__Directions__
The following data has a line with "assert (Hbound := abs_sub_le_of_derive" and a line with "(fun u => K". Write out exactly those lines and all the lines between them.

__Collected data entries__
════════════════════

Lemma sol_on_right_cont0 (F : state -> state) (x : R -> state) (T : R) : sol_on F x T ->
  forall p, coord p -> right_cont0 (fun u => p (x u)).
Proof. intros (_ & HS & HI & HR) p [-> | [-> | ->]]; assumption. Qed.

(** * Existence of solutions by Picard iteration *)

Lemma is_derive_add_RInt (c : R) (g : R -> R) : (forall s, continuous g s) ->
  forall t, is_derive (fun u => c + RInt g 0 u) t (g t).
Proof.
  intros Hg t.
  assert (HI : is_derive (fun u => RInt g 0 u) t (g t)).
  { apply (is_derive_RInt g (fun u => RInt g 0 u) 0 t); [|apply Hg].
    apply filter_forall. intro b. apply (RInt_correct g 0 b), ex_RInt_continuous. intros z _. apply Hg. }
  eapply is_derive_val; [apply is_derive_Rplus; [apply is_derive_Rconst|exact HI]|ring].
Qed.

Definition exp_term (q : R) (k : nat) : R := / INR (Factorial.fact k) * q ^ k.

Lemma ex_series_exp_term (q : R) : ex_series (exp_term q).
Proof. destruct (exist_exp q) as [l Hl]. apply ex_series_Reals_1. exists l. exact Hl. Qed.

Lemma exp_term_nonneg (q : R) (k : nat) : 0 <= q -> 0 <= exp_term q k.
Proof.
  intro Hq. apply Rmult_le_pos; [|apply pow_le; exact Hq].
  left. apply Rinv_0_lt_compat, INR_fact_lt_0.
Qed.

Section Picard.

Variables (F : state -> state) (L B : R) (y0 : state).
Hypotheses (HL0 : 0 <= L) (HL : lipschitz F L) (HB : coord_bounded F B).

Fixpoint picard (n : nat) (t : R) : state :=
  match n with
  | O => y0
  | S k => (pS y0 + RInt (fun s => pS (F (picard k s))) 0 t,
            pI y0 + RInt (fun s => pI (F (picard k s))) 0 t,
            pR y0 + RInt (fun s => pR (F (picard k s))) 0 t)
  end.

Lemma picard_coord (n : nat) (t : R) (p : state -> R) : coord p ->
  p (picard (S n) t) = p y0 + RInt (fun s => p (F (picard n s))) 0 t.
Proof. intros [-> | [-> | ->]]; reflexivity. Qed.

Lemma is_derive_picard_of_continuous (n : nat) :
  (forall t q, coord q -> continuous (fun s => q (picard n s)) t) ->
  forall t p, coord p -> is_derive (fun s => p (picard (S n) s)) t (p (F (picard n t))).
Proof.
  intros Hc t p Hp.
  apply (is_derive_ext (fun s => p y0 + RInt (fun u => p (F (picard n u))) 0 s)).
  - intro s. symmetry. apply picard_coord, Hp.
  - apply is_derive_add_RInt. intro s. apply (continuous_lipschitz_comp F L); auto.
Qed.

Lemma picard_continuous (n : nat) (t : R) (p : state -> R) : coord p ->
  continuous (fun s => p (picard n s)) t.
Proof.
  revert t p. induction n as [|n IH]; intros t p Hp; [apply continuous_const|].
  apply (continuous_of_is_derive _ _ (p (F (picard n t)))).
  apply is_derive_picard_of_continuous; auto.
Qed.

Lemma is_derive_picard (n : nat) (t : R) (p : state -> R) : coord p ->
  is_derive (fun s => p (picard (S n) s)) t (p (F (picard n t))).
Proof. apply is_derive_picard_of_continuous. intros. apply picard_continuous. assumption. Qed.

Lemma picard_at0 (n : nat) : picard n 0 = y0.
Proof.
  destruct n as [|n]; [reflexivity|]. apply near_0_eq. intros p Hp.
  rewrite picard_coord, RInt_point by exact Hp. change (Rabs (p y0 + 0 - p y0) <= 0).
  rewrite Rplus_0_r, Rminus_eq_0, Rabs_R0. apply Rle_refl.
Qed.

Lemma near_picard_y0 (n : nat) (t : R) : 0 <= t -> near (B * t) (picard n t) y0.
Proof.
  intro Ht. pose proof (bounded_nonneg F B HB) as HB0.
  destruct n as [|n]; [apply near_refl; nra|]. intros p Hp.
  rewrite <- (picard_at0 (S n)).
  replace (B * t) with (B * t - B * 0) by ring.
  apply (abs_sub_le_of_derive (fun s => p (picard (S n) s)) (fun s => p (F (picard n s)))
           (fun u => B * u) (fun _ => B)); auto.
  - intro s. apply is_derive_picard, Hp.
  - intro s. eapply is_derive_val; [apply is_derive_scal, is_derive_Rid|ring].
Qed.

Lemma near_picard_step (n : nat) (t : R) : 0 <= t ->
  near (B * L ^ n * t ^ S n / INR (Factorial.fact (S n))) (picard (S n) t) (picard n t).
Proof.
  revert t. induction n as [|n IH]; intros t Ht.
  - eapply near_le; [|apply near_picard_y0, Ht]. simpl. lra.
  - intros p Hp.
    set (K := B * L ^ S n / INR (Factorial.fact (S (S n)))).
    assert (Hfact : INR (Factorial.fact (S (S n))) = INR (S (S n)) * INR (Factorial.fact (S n)))
      by (rewrite fact_simpl, mult_INR; reflexivity).
    assert (Hn : INR (S (S n)) <> 0) by (apply not_0_INR; lia).
    pose proof (INR_fact_neq_0 (S n)).
    assert (Hbound := abs_sub_le_of_derive
      (fun s => p (picard (S (S n)) s) - p (picard (S n) s))
      (fun s => p (F (picard (S n) s)) - p (F (picard n s)))
      (fun u => K * u ^ S (S n)) (fun u => L * (B * L ^ n * u ^ S n / INR (Factorial.fact (S n)))) t Ht).
    cbv beta in Hbound. rewrite !picard_at0, pow_i, Rmult_0_r, Rminus_0_r, Rminus_eq_0, Rminus_0_r
      in Hbound by lia.
    replace (B * L ^ S n * t ^ S (S n) / INR (Factorial.fact (S (S n)))) with (K * t ^ S (S n))
      by (unfold K; field; apply INR_fact_neq_0).
    apply Hbound.
    + intro s. apply is_derive_Rminus; apply is_derive_picard, Hp.
    + intro s. eapply is_derive_val; [apply is_derive_scal, is_derive_pow, is_derive_Rid|].
      unfold K. rewrite Hfact. simpl pred. simpl pow. field. split; auto.
    + intros s Hs. apply (HL _ _ _ (IH s ltac:(lra)) p Hp).
Qed.

Lemma picard_gap_le_exp_term (n : nat) (t T : R) : 0 <= t <= T ->
  B * L ^ n * t ^ S n / INR (Factorial.fact (S n)) <= B * T * exp_term (L * T) n.
Proof.
  intro Ht. pose proof (bounded_nonneg F B HB) as HB0.
  pose proof (INR_fact_neq_0 n).
  assert (Hn : 1 <= INR (S n)) by (rewrite S_INR; pose proof (pos_INR n); lra).
  assert (Hterm : 0 <= B * T * exp_term (L * T) n).
  { apply Rmult_le_pos; [apply Rmult_le_pos; lra|apply exp_term_nonneg; apply Rmult_le_pos; lra]. }
  apply Rle_trans with (B * L ^ n * T ^ S n / INR (Factorial.fact (S n))).
  - apply Rmult_le_compat_r; [left; apply Rinv_0_lt_compat, INR_fact_lt_0|].
    apply Rmult_le_compat_l; [apply Rmult_le_pos; [lra|apply pow_le; lra]|apply pow_incr; lra].
  - replace (B * L ^ n * T ^ S n / INR (Factorial.fact (S n)))
      with (B * T * exp_term (L * T) n / INR (S n))
      by (unfold exp_term; rewrite fact_simpl, mult_INR, Rpow_mult_distr, <- tech_pow_Rmult;
          field; split; [auto|apply not_0_INR; lia]).
    apply Rmult_le_reg_r with (INR (S n)); [lra|].
    unfold Rdiv. rewrite Rmult_assoc, Rinv_l by lra. nra.
Qed.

════════════════════

__Result of the exercise__
    assert (Hbound := abs_sub_le_of_derive
      (fun s => p (picard (S (S n)) s) - p (picard (S n) s))
      (fun s => p (F (picard (S n) s)) - p (F (picard n s)))
      (fun u => K * u ^ S (S n)) (fun u => L * (B * L ^ n * u ^ S n / INR (Factorial.fact (S n)))) t Ht).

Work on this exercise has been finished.